Considering that in this work the main purpose is to exploit the usefulness of adding more skip connections (so passing features that might have been lost on different stages), no bells and whistles will be used for training. Below the optimizer and loss function can be found which was the same on both cases:

optimizer = Adam(net.parameters(), lr=5e-4)
criterion = nn.BCEWithLogitsLoss()


The two main difficulties faced while implementing this project were:

  • some technicalities regarding the data-loading part
  • concatenation of tensors of different sizes during the implementation of the UNet3+ model
  • relatively limited computational resources

Regarding the data-loading, the infrastucture we worked on initially did not allow for persistence of some intermediate pre-processed form of the dataset. Hence, a caching layer was implemented to make the loading more efficient by lowering disk access for consecutive triples, as a way to mitigate this limitation.

As for the computational resources, training models with this many number of parameters and such dataset size, was quite a challenge, even for this number of epochs. Each epoch of UNet took about 45 minutes to train on our infrastructure, and UNet3+ about 3.5 hours using one NVIDIA P100 GPU, and 6 hours on one NVIDIA T4 GPU which we later had to switch to.


Comparison of the two architectures

Concerning the sizes of the two models, the UNet3+ has less parameters, but the forward/backward pass size is greater, probably due to the concatenations happening on the decoder side of the network. The exact numbers are provided in the following table:

UNet UNet3+
Total parameters 31,037,633 26,967,809
Forward/backward pass size (MB) 879.64 3447.00
Params size (MB) 118.40 102.87
Estimated Total Size (MB) 998.79 3550.62

The train and test loss curves for 11 epochs are shown below:


In addition, four examples of the results are provided corresponding to the following two cases:

  1. Three slices from three different volumes of the CT scans.
  2. A case with no mask on the ground truth data,












Based on the two models trained for 11 epochs, the UNet3+ proved to perform better on this dataset, as can be noticed by the visualised results. It seems visually that the Intersection-Over-Union score is also higher.
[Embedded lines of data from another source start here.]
(* Let $(A,n_1,\ldots,n_r)$ be an excessively clusterizable A-configuration. Then there exist nonnegative integers $m_1,\ldots,m_r$ such that $m_i=0$ whenever $n_i=0$, $m_1+\cdots+m_r=|A|$, and $(A,m_1,\ldots,m_r)$ is a simply excessively clusterizable A-configuration.
   Context: Setting: $\Phi$ a simply laced root system of rank $r$ with positive roots $\Phi^+$, simple roots $\alpha_1,\ldots,\alpha_r$, scalar product normalized so $(\alpha,\alpha)=2$. $\mathrm{supp}\,v$ for $v=\sum a_j\alpha_j$ is $\{\alpha_j:a_j\ne0\}$. For $A\subseteq\Phi^+$ and $I\subseteq\{1,\ldots,r\}$, $R_I(A)$ is the set of $\alpha\in A$ whose support contains some $\alpha_j$, $j\in I$. An A-configuration is $(A,n_1,\ldots,n_r)$ with $A\subseteq\Phi^+$, $n_j\in\mathbb Z_{\ge0}$, $\sum n_j=|A|$. A set $A\subseteq\Phi^+$ is an $I$-cluster if: (1) coefficients of $\alpha_j$, $j\in I$, in elements of $A$ are $\le1$; (2) $(\alpha,\beta)\ne-1$ for distinct $\alpha,\beta\in A$; (3) if $\alpha,\beta\in A$, $(\alpha,\beta)=0$, then $\mathrm{supp}\,\alpha\cap\mathrm{supp}\,\beta$ contains no $\alpha_j$ with $j\in I$. With $I=\{j:n_j>0\}$, $(A,n)$ is excessive if $|R_I(A)|=\sum n_j$ and $|R_J(A)|>\sum_{j\in J}n_j$ for all nonempty $J\subsetneq I$; it is an excessive cluster if moreover $A$ is an $I$-cluster; it is a simple excessive cluster if it is an excessive cluster and $|I|=1$. Excessively clusterizable (recursively on $|A|$): $(\varnothing,0,\ldots,0)$ is; for $|A|>0$, $(A,n)$ is if there is nonempty $I$ with $n_j>0$ for $j\in I$ such that, with $k_j=n_j$ ($j\in I$), $k_j=0$ otherwise, $|R_I(A)|=\sum k_j$, $(R_I(A),k)$ is an excessive cluster and $(A\setminus R_I(A),n-k)$ is excessively clusterizable. Simply excessively clusterizable (recursively on $|A|$): $(\varnothing,0,\ldots,0)$ is; for $|A|>0$, $(A,n)$ is if there is an index $i$ with $n_i>0$ such that, with $k_i=n_i$ and $k_j=0$ for $j\ne i$, $|R_{\{i\}}(A)|=n_i$, $(R_{\{i\}}(A),k)$ is a simple excessive cluster, and $(A\setminus R_{\{i\}}(A),n-k)$ is simply excessively clusterizable. *)

From HB Require Import structures.
From mathcomp Require Import all_boot all_order all_algebra.
Set Implicit Arguments. Unset Strict Implicit. Unset Printing Implicit Defensive.
Import GRing.Theory Num.Theory.
Local Open Scope ring_scope.

(* Elements of the root lattice, written in the basis of simple roots:
   v = sum_j v j * alpha_j. *)
Definition vec (r : nat) := {ffun 'I_r -> int}.

Definition sprod (r : nat) (C : 'I_r -> 'I_r -> int) (v w : vec r) : int :=
  \sum_(i < r) \sum_(j < r) v i * C i j * w j.

Definition simply_laced_cartan (r : nat) (C : 'I_r -> 'I_r -> int) : Prop :=
  [/\ (forall i j, C i j = C j i),
      (forall i, C i i = 2),
      (forall i j, i != j -> C i j = 0 \/ C i j = -1)
    & (forall v : vec r, (exists i, v i != 0) -> 0 < sprod C v v)].

Definition simple_root (r : nat) (i : 'I_r) : vec r :=
  [ffun j => if i == j then 1 else 0].

Definition sreflect (r : nat) (C : 'I_r -> 'I_r -> int) (i : 'I_r) (v : vec r) : vec r :=
  [ffun j => v j - sprod C v (simple_root i) * simple_root i j].

(* Roots: the Weyl group orbit of the simple roots. *)
Definition is_root (r : nat) (C : 'I_r -> 'I_r -> int) (v : vec r) : Prop :=
  exists (s : seq 'I_r) (j : 'I_r), v = foldr (sreflect C) (simple_root j) s.

Definition is_pos_root (r : nat) (C : 'I_r -> 'I_r -> int) (v : vec r) : Prop :=
  is_root C v /\ (forall j, 0 <= v j).

Definition meetsI (r : nat) (I : {set 'I_r}) (a : vec r) : bool :=
  [exists j in I, a j != 0].

Definition R_I (r : nat) (I : {set 'I_r}) (A : seq (vec r)) : seq (vec r) :=
  filter (meetsI I) A.

Definition supp_n (r : nat) (n : 'I_r -> nat) : {set 'I_r} :=
  [set j | (0 < n j)%N].

Definition is_cluster (r : nat) (C : 'I_r -> 'I_r -> int) (I : {set 'I_r})
    (A : seq (vec r)) : Prop :=
  [/\ (forall a j, a \in A -> j \in I -> a j <= 1),
      (forall a b, a \in A -> b \in A -> a != b -> sprod C a b != -1)
    & (forall a b, a \in A -> b \in A -> sprod C a b = 0 ->
         forall j, j \in I -> ~~ ((a j != 0) && (b j != 0)))].

Definition excessive (r : nat) (A : seq (vec r)) (n : 'I_r -> nat) : Prop :=
  size (R_I (supp_n n) A) = (\sum_(j < r) n j)%N /\
  (forall J : {set 'I_r}, J != set0 -> J \proper supp_n n ->
     (\sum_(j in J) n j < size (R_I J A))%N).

Definition excessive_cluster (r : nat) (C : 'I_r -> 'I_r -> int)
    (A : seq (vec r)) (n : 'I_r -> nat) : Prop :=
  excessive A n /\ is_cluster C (supp_n n) A.

Definition simple_excessive_cluster (r : nat) (C : 'I_r -> 'I_r -> int)
    (A : seq (vec r)) (n : 'I_r -> nat) : Prop :=
  excessive_cluster C A n /\ #|supp_n n| = 1%N.

Definition restr (r : nat) (I : {set 'I_r}) (n : 'I_r -> nat) : 'I_r -> nat :=
  fun j => if j \in I then n j else 0%N.

Inductive exc_clusterizable (r : nat) (C : 'I_r -> 'I_r -> int) :
    seq (vec r) -> ('I_r -> nat) -> Prop :=
| ExcNil (n : 'I_r -> nat) : (forall j, n j = 0%N) -> exc_clusterizable C [::] n
| ExcStep (A : seq (vec r)) (n : 'I_r -> nat) (I : {set 'I_r}) :
    (0 < size A)%N -> I != set0 -> (forall j, j \in I -> 0 < n j)%N ->
    size (R_I I A) = (\sum_(j < r) restr I n j)%N ->
    excessive_cluster C (R_I I A) (restr I n) ->
    exc_clusterizable C [seq a <- A | ~~ meetsI I a] (fun j => n j - restr I n j)%N ->
    exc_clusterizable C A n.

Inductive simply_exc_clusterizable (r : nat) (C : 'I_r -> 'I_r -> int) :
    seq (vec r) -> ('I_r -> nat) -> Prop :=
| SExcNil (n : 'I_r -> nat) : (forall j, n j = 0%N) -> simply_exc_clusterizable C [::] n
| SExcStep (A : seq (vec r)) (n : 'I_r -> nat) (i : 'I_r) :
    (0 < size A)%N -> (0 < n i)%N ->
    size (R_I [set i] A) = n i ->
    simple_excessive_cluster C (R_I [set i] A) (restr [set i] n) ->
    simply_exc_clusterizable C [seq a <- A | ~~ meetsI [set i] a]
      (fun j => n j - restr [set i] n j)%N ->
    simply_exc_clusterizable C A n.

From HB Require Import structures.
From mathcomp Require Import all_boot all_order all_algebra.
From Stdlib Require Import FunctionalExtensionality.

Set Implicit Arguments.
Unset Strict Implicit.
Unset Printing Implicit Defensive.

(* Each step of an excessive clusterization removes an excessive I-cluster
   R_I(A).  Being an I-cluster is inherited by subsets of A and by subsets
   of I, so this block can be removed one index j of I at a time: the roots
   of R_I(A) with alpha_j in their support form a {j}-cluster, and a
   {j}-cluster with m_j equal to its size is automatically a simple
   excessive cluster, because a singleton has no nonempty proper subset.
   The new multiplicities are these sizes, which vanish outside I. *)

Section SimplyExcessivelyClusterizable.

Variables (r : nat) (C : 'I_r -> 'I_r -> int).

Lemma meetsI1 (j : 'I_r) (a : vec r) : meetsI [set j] a = (a j != 0%R).
Proof.
apply/existsP/idP => [[x /andP[/set1P -> //]] | aj].
by exists j; rewrite set11 aj.
Qed.

Lemma meetsIU (I J : {set 'I_r}) (a : vec r) :
  meetsI (I :|: J) a = meetsI I a || meetsI J a.
Proof.
apply/existsP/orP => [[x /andP [/setUP [xI | xJ] ax]] | [] /existsP [x /andP [xIJ ax]]].
- by left; apply/existsP; exists x; rewrite xI.
- by right; apply/existsP; exists x; rewrite xJ.
- by exists x; rewrite inE xIJ.
- by exists x; rewrite inE xIJ orbT.
Qed.

Lemma is_cluster_sub (I J : {set 'I_r}) (X Y : seq (vec r)) :
  J \subset I -> {subset Y <= X} -> is_cluster C I X -> is_cluster C J Y.
Proof.
move=> /subsetP JI YX [le1 no_m1 disj]; split.
- by move=> a j aY jJ; apply: le1; [apply: YX | apply: JI].
- by move=> a b aY bY; apply: no_m1; apply: YX.
- by move=> a b aY bY ab0 j jJ; apply: disj => //; [apply: YX | apply: YX | apply: JI].
Qed.

Lemma sum_restr (I : {set 'I_r}) (n : 'I_r -> nat) :
  (\sum_(j < r) restr I n j)%N = (\sum_(j in I) n j)%N.
Proof. by rewrite [RHS]big_mkcond; apply: eq_bigr => j _; rewrite /restr. Qed.

Lemma supp_restr1 (j : 'I_r) (n : 'I_r -> nat) :
  (0 < n j)%N -> supp_n (restr [set j] n) = [set j].
Proof.
move=> nj; apply/setP => i; rewrite !inE /restr inE.
by case: (eqVneq i j) => [->|]; rewrite ?nj.
Qed.

Lemma simple_excessive_cluster_R1 (j : 'I_r) (A : seq (vec r)) (n : 'I_r -> nat) :
  (0 < n j)%N -> size (R_I [set j] A) = n j ->
  is_cluster C [set j] (R_I [set j] A) ->
  simple_excessive_cluster C (R_I [set j] A) (restr [set j] n).
Proof.
move=> nj sizeR clR; rewrite /simple_excessive_cluster /excessive_cluster /excessive.
rewrite supp_restr1 // cards1; split=> //; split=> //; split.
  by rewrite {1}/R_I filter_id sum_restr big_set1.
move=> J /negbTE J0 /properP [].
by rewrite subset1 J0 orbF => /eqP -> [x /set1P ->]; rewrite set11.
Qed.

Lemma simply_exc_clusterizable_size (A : seq (vec r)) (m : 'I_r -> nat) :
  simply_exc_clusterizable C A m -> (\sum_(j < r) m j)%N = size A.
Proof.
elim=> {A m} [n n0 | A n i _ _ sizeR _ _ IH]; first by rewrite big1.
have sum_rest : (\sum_(j < r) (n j - restr [set i] n j))%N =
                (\sum_(j < r | j != i) n j)%N.
  rewrite (bigD1 i) //= /restr inE eqxx subnn add0n.
  by apply: eq_bigr => j /negbTE ji; rewrite inE ji subn0.
rewrite -(count_predC (meetsI [set i]) A) -!size_filter.
by rewrite (bigD1 i) //= -sizeR -IH sum_rest.
Qed.

Lemma simply_exc_clusterizable_supp (A : seq (vec r)) (m : 'I_r -> nat) (j : 'I_r) :
  simply_exc_clusterizable C A m -> (forall a, a \in A -> a j = 0%R) -> m j = 0%N.
Proof.
elim=> {A m} [n n0 | A n i _ ni sizeR _ _ IH] Aj0; first exact: n0.
case: (eqVneq i j) => [eq_ij | ij].
  have [a aR] : exists a, a \in R_I [set i] A.
    by case: (R_I [set i] A) sizeR ni => [<- // | a B _ _]; exists a; rewrite mem_head.
  move: aR; rewrite mem_filter meetsI1 eq_ij => /andP [aj /Aj0 a0].
  by rewrite a0 eqxx in aj.
have := IH (fun a aA => Aj0 a (mem_subseq (filter_subseq _ A) aA)).
by rewrite /restr inE eq_sym (negbTE ij) subn0.
Qed.

Lemma simply_exc_clusterizable_cons (j : 'I_r) (A : seq (vec r)) (m : 'I_r -> nat) :
  is_cluster C [set j] (R_I [set j] A) ->
  simply_exc_clusterizable C [seq a <- A | ~~ meetsI [set j] a] m ->
  simply_exc_clusterizable C A
    (fun i => if i == j then size (R_I [set j] A) else m i).
Proof.
move=> clR clz; have mj0 : m j = 0%N.
  apply: (simply_exc_clusterizable_supp clz) => a.
  by rewrite mem_filter meetsI1 negbK => /andP [/eqP].
set m' := fun i => _.
have [R0 | Rpos] := posnP (size (R_I [set j] A)).
  have -> : m' = m.
    by apply: functional_extensionality => i; rewrite /m' R0; case: eqP => // ->.
  suff <- : [seq a <- A | ~~ meetsI [set j] a] = A by [].
  have R_nil : R_I [set j] A = [::] by apply/eqP; rewrite -size_eq0 R0.
  by apply/all_filterP; rewrite (all_predC (meetsI [set j])) has_filter -/(R_I _ _) R_nil.
have m'j : m' j = size (R_I [set j] A) by rewrite /m' eqxx.
apply: (SExcStep (i := j)).
- by apply: leq_trans Rpos _; rewrite size_filter count_size.
- by rewrite m'j.
- by rewrite m'j.
- by apply: simple_excessive_cluster_R1; rewrite ?m'j.
- have -> : (fun i => m' i - restr [set j] m' i)%N = m => //.
  apply: functional_extensionality => i; rewrite /restr inE /m'.
  by case: eqP => [-> | _]; rewrite ?subnn ?subn0.
Qed.

Lemma simply_exc_clusterizable_peel (s : seq 'I_r) (A : seq (vec r)) (m : 'I_r -> nat) :
  is_cluster C [set x in s] (R_I [set x in s] A) ->
  simply_exc_clusterizable C [seq a <- A | ~~ meetsI [set x in s] a] m ->
  exists m', (forall i, i \notin s -> m' i = m i) /\ simply_exc_clusterizable C A m'.
Proof.
elim: s A m => [|j s IH] A m clR clz.
  exists m; split=> //; suff <- : [seq a <- A | ~~ meetsI [set x in [::]] a] = A by [].
  by apply/all_filterP/allP => a _; apply/existsP => -[x]; rewrite inE.
have meets_cons a : meetsI [set x in j :: s] a = meetsI [set j] a || meetsI [set x in s] a.
  by rewrite set_cons meetsIU.
have sub_R (I : {set 'I_r}) (B : seq (vec r)) :
    (forall a, meetsI I a -> meetsI [set x in j :: s] a) -> {subset B <= A} ->
    {subset R_I I B <= R_I [set x in j :: s] A}.
  by move=> IJ BA a; rewrite !mem_filter => /andP [/IJ -> /BA].
set A1 := [seq a <- A | ~~ meetsI [set j] a].
have clR1 : is_cluster C [set x in s] (R_I [set x in s] A1).
  apply: is_cluster_sub clR; first by rewrite set_cons subsetUr.
  apply: sub_R => [a|]; first by rewrite meets_cons orbC => ->.
  exact: mem_subseq (filter_subseq _ A).
have clz1 : simply_exc_clusterizable C [seq a <- A1 | ~~ meetsI [set x in s] a] m.
  rewrite -filter_predI (eq_filter (a2 := fun a => ~~ meetsI [set x in j :: s] a)) //.
  by move=> a /=; rewrite meets_cons negb_or andbC.
have [m1 [m1_out clzA1]] := IH A1 m clR1 clz1.
exists (fun i => if i == j then size (R_I [set j] A) else m1 i); split.
  by move=> i; rewrite inE negb_or => /andP [/negbTE -> /m1_out].
apply: simply_exc_clusterizable_cons clzA1.
apply: is_cluster_sub clR; first by rewrite set_cons subsetUl.
by apply: sub_R => // a; rewrite meets_cons => ->.
Qed.

Lemma exc_clusterizable_simply (A : seq (vec r)) (n : 'I_r -> nat) :
  exc_clusterizable C A n ->
  exists m, (forall i, n i = 0%N -> m i = 0%N) /\ simply_exc_clusterizable C A m.
Proof.
elim=> {A n} [n n0 | A n I _ _ Ipos _ [_ clR] _ [m' [m'0 clz']]].
  by exists n; split=> //; apply: SExcNil.
have supp_I : supp_n (restr I n) = I.
  by apply/setP => i; rewrite inE /restr; case: ifP => [/Ipos | _].
rewrite supp_I -[I]set_enum in clR; rewrite -[I]set_enum in clz'.
have [m [m_out clz]] := simply_exc_clusterizable_peel clR clz'.
exists m; split=> // i ni0.
have iI : i \notin I by apply/negP => /Ipos; rewrite ni0.
by rewrite m_out ?mem_enum // m'0 // /restr (negbTE iI) ni0.
Qed.

End SimplyExcessivelyClusterizable.

Theorem mainTheorem11 (r : nat) (C : 'I_r -> 'I_r -> int)
    (A : seq (vec r)) (n : 'I_r -> nat) :
  simply_laced_cartan C ->
  uniq A -> (forall a, a \in A -> is_pos_root C a) ->
  (\sum_(j < r) n j)%N = size A ->
  exc_clusterizable C A n ->
  exists m : 'I_r -> nat,
    [/\ (forall i, n i = 0%N -> m i = 0%N),
        (\sum_(j < r) m j)%N = size A
      & simply_exc_clusterizable C A m].
Proof.
move=> _ _ _ _ /exc_clusterizable_simply [m [m_out clz]].
by exists m; split=> //; apply: simply_exc_clusterizable_size clz.
Qed.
As expected from the introduction of new skip connections, more fine details were preserved leading to a better segmentation result.

Furthermore, visually in all samples assessed, both networks did not return false negatives (i.e. when a mask was empty, so was the predicted mask).

This was a fun project for us to work on and we learned a lot.


[1] Ronneberger, Olaf, Philipp Fischer, and Thomas Brox. “U-net: Convolutional networks for biomedical image segmentation.” International Conference on Medical image computing and computer-assisted intervention. Springer, Cham, 2015.

[2] Huang, Huimin, et al. “Unet 3+: A full-scale connected unet for medical image segmentation.” ICASSP 2020-2020 IEEE International Conference on Acoustics, Speech and Signal Processing (ICASSP). IEEE, 2020.

[3] Bilic, Patrick, et al. “The liver tumor segmentation benchmark (lits).” arXiv preprint arXiv:1901.04056 (2019).

[4] Lin, Tsung-Yi, et al. “Microsoft coco: Common objects in context.” European conference on computer vision. Springer, Cham, 2014.